Filter these entries, keeping only lines that hold the word "lexle".
- - - -
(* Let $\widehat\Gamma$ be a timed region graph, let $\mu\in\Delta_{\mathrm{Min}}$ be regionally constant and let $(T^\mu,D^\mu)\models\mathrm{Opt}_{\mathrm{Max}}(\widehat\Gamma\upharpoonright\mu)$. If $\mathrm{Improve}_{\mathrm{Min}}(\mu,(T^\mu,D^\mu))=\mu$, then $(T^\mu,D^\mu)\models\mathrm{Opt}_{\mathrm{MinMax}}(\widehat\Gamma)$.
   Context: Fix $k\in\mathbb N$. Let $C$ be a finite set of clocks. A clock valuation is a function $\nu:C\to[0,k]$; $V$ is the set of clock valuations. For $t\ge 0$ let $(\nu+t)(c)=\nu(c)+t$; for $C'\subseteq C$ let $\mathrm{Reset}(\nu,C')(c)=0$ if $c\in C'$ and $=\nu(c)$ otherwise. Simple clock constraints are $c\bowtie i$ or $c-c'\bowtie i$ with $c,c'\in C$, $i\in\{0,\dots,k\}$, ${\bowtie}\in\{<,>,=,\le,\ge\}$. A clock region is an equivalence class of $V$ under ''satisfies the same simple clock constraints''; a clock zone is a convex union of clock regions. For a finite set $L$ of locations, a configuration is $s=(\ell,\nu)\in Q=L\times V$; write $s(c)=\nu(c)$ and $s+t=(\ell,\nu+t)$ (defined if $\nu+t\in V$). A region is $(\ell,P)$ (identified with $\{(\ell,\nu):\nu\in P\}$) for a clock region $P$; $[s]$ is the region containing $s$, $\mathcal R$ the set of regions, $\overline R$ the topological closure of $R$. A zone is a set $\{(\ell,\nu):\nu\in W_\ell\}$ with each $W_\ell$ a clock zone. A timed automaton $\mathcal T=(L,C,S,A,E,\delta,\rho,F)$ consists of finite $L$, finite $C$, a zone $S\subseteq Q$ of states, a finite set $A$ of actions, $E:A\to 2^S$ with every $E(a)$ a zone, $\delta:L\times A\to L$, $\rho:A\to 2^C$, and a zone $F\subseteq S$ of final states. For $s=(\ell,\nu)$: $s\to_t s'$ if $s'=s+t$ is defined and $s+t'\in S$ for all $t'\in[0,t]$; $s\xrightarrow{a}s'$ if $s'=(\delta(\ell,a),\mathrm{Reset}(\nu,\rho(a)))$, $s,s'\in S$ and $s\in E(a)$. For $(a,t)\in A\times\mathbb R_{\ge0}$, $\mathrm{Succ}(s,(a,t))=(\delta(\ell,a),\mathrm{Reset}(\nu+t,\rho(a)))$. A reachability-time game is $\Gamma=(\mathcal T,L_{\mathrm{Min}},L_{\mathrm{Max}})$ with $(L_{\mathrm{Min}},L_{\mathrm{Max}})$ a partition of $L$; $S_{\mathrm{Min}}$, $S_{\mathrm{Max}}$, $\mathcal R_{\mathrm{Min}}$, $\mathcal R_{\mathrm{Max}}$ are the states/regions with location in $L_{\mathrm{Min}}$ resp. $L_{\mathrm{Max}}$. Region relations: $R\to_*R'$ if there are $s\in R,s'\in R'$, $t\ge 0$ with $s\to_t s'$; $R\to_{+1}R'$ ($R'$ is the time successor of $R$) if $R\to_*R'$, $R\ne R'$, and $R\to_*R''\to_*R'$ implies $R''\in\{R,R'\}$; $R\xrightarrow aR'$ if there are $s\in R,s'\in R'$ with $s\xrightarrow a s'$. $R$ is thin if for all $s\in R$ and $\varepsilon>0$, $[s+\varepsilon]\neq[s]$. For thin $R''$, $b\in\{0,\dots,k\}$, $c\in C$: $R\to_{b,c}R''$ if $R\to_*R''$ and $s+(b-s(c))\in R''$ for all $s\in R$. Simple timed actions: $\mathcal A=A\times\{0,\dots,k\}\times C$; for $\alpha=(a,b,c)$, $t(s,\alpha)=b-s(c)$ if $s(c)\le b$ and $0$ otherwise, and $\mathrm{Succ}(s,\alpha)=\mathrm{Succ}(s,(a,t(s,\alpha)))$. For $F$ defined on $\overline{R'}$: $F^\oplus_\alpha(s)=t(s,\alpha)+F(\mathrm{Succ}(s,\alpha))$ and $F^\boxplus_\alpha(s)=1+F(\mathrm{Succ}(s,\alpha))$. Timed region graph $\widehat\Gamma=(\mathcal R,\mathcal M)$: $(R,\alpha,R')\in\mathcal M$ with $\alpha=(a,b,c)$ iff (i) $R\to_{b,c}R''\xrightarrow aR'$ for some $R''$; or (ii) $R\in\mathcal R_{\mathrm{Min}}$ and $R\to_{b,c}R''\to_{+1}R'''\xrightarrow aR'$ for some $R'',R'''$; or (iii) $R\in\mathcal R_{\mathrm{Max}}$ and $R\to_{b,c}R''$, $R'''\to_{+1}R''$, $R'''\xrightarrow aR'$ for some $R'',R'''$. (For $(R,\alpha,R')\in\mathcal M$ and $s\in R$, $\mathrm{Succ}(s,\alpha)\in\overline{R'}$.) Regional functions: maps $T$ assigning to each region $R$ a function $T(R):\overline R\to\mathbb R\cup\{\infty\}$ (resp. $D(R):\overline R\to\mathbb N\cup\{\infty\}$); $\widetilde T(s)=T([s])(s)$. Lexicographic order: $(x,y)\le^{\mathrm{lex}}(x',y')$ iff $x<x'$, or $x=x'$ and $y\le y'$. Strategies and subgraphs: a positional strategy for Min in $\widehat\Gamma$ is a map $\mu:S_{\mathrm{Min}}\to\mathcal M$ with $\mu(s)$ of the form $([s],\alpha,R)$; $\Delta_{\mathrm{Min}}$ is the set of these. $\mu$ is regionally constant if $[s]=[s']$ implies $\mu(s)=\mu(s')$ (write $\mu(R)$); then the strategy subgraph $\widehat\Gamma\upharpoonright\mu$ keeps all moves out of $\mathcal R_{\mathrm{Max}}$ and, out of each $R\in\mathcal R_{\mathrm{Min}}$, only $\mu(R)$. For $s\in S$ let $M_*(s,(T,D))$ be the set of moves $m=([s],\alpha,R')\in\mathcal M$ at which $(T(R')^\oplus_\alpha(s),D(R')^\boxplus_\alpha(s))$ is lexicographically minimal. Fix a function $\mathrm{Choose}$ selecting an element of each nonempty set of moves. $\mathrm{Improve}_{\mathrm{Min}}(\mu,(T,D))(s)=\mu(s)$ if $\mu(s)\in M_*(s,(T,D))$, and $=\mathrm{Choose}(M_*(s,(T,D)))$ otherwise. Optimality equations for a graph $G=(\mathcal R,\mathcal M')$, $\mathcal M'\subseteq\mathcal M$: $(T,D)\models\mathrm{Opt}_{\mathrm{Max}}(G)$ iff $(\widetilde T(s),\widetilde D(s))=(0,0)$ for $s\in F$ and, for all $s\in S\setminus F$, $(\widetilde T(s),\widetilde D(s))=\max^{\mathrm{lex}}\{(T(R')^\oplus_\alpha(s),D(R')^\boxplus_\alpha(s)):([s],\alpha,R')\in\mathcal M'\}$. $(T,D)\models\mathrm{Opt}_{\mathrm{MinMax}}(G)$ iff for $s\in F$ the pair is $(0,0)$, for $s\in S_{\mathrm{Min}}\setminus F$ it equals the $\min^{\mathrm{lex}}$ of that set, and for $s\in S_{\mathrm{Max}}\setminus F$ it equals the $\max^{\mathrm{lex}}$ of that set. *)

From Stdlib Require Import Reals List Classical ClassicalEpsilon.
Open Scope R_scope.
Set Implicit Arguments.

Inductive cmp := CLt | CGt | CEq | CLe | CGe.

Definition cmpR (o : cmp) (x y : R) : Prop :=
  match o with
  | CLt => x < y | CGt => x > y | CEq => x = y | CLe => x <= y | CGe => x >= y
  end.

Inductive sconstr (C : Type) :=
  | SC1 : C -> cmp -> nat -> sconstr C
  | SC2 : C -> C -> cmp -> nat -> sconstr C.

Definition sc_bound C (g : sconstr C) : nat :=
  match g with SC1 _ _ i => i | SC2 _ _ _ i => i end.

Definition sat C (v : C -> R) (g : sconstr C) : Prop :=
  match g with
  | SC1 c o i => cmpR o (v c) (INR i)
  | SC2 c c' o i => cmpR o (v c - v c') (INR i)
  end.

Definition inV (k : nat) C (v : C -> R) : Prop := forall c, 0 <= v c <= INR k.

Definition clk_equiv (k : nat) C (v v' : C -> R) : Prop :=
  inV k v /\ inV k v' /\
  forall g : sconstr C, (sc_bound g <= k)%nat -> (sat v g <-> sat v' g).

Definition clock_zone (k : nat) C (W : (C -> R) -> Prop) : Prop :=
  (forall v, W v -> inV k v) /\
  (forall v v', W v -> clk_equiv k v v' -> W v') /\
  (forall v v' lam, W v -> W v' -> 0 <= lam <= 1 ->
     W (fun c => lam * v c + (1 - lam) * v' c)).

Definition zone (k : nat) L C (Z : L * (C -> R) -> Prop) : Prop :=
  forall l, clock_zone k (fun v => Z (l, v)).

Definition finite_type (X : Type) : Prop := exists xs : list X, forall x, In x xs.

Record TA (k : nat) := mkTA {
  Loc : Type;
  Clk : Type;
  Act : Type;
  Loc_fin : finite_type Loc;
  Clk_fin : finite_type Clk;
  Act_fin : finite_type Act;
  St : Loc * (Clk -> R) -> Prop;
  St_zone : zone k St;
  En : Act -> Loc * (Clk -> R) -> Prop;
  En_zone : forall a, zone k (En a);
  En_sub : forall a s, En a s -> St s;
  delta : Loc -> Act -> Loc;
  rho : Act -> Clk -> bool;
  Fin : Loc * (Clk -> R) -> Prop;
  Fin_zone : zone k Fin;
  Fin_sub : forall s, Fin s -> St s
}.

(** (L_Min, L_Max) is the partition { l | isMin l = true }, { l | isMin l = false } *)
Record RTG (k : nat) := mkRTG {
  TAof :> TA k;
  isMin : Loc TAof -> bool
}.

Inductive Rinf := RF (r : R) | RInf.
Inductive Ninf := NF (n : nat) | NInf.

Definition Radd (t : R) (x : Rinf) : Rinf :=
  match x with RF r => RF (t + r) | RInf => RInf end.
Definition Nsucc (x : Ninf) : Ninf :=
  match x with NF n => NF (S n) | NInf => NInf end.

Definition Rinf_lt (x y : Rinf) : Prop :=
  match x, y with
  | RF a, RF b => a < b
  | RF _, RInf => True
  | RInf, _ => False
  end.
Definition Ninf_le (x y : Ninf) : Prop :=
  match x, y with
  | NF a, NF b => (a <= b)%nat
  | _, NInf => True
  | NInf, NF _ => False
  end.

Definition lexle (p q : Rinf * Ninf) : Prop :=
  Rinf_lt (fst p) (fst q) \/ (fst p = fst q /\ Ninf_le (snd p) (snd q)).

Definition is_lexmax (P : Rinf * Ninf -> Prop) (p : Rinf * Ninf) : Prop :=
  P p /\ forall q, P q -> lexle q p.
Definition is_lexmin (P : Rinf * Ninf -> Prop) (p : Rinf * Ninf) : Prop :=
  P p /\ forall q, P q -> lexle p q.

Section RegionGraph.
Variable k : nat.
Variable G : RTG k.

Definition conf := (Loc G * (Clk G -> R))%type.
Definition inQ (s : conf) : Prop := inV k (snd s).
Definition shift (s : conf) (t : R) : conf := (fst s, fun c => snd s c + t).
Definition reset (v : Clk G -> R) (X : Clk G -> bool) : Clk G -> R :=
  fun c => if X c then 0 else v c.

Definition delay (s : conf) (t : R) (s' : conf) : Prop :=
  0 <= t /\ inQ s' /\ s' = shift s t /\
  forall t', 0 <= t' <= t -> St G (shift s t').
- - - -
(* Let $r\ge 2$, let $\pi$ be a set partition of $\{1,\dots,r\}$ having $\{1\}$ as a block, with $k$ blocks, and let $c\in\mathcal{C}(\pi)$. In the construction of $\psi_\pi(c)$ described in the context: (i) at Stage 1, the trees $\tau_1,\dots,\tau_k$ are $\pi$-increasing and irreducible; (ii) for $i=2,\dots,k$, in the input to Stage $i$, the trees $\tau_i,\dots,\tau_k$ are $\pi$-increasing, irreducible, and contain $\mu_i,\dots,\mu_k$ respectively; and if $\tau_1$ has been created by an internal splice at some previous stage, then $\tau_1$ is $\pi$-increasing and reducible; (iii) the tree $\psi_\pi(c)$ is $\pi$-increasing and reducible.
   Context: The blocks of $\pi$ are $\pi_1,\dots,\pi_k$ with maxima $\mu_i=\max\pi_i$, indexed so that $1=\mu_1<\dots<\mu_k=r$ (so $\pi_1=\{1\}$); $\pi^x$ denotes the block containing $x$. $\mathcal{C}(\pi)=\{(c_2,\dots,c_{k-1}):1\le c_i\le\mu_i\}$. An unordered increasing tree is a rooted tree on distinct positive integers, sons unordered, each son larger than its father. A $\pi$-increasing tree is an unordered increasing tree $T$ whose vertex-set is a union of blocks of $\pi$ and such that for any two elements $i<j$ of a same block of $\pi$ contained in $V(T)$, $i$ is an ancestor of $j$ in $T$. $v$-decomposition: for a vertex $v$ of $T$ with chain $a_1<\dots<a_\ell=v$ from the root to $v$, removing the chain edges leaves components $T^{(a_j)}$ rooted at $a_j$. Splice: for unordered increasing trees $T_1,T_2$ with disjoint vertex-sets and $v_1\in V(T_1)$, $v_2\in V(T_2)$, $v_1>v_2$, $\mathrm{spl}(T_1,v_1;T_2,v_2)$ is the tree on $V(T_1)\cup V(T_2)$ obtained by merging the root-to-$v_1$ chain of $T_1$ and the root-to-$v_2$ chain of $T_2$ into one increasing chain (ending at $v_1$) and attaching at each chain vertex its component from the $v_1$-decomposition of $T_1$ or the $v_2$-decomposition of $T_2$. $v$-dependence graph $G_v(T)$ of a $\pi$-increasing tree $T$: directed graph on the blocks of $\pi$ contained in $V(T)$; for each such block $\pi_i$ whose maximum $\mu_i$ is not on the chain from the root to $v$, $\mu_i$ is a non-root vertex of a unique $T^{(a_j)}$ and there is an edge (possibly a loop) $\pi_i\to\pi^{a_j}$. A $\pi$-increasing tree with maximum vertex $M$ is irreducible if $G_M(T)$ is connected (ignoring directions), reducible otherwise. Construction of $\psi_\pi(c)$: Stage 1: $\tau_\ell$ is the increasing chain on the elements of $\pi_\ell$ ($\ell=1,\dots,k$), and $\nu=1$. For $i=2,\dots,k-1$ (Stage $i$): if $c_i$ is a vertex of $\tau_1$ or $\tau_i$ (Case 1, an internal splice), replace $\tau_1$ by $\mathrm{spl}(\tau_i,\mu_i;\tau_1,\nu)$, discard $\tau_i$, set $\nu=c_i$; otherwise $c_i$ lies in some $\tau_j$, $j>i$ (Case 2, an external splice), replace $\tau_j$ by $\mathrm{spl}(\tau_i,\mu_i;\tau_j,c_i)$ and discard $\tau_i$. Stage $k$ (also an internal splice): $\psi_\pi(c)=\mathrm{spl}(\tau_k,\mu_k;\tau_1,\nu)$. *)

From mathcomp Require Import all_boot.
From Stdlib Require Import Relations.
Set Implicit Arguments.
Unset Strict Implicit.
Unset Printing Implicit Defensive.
- - - -
- _Answer to the problem_
Definition lexle (p q : Rinf * Ninf) : Prop :=
  P p /\ forall q, P q -> lexle q p.
  P p /\ forall q, P q -> lexle p q.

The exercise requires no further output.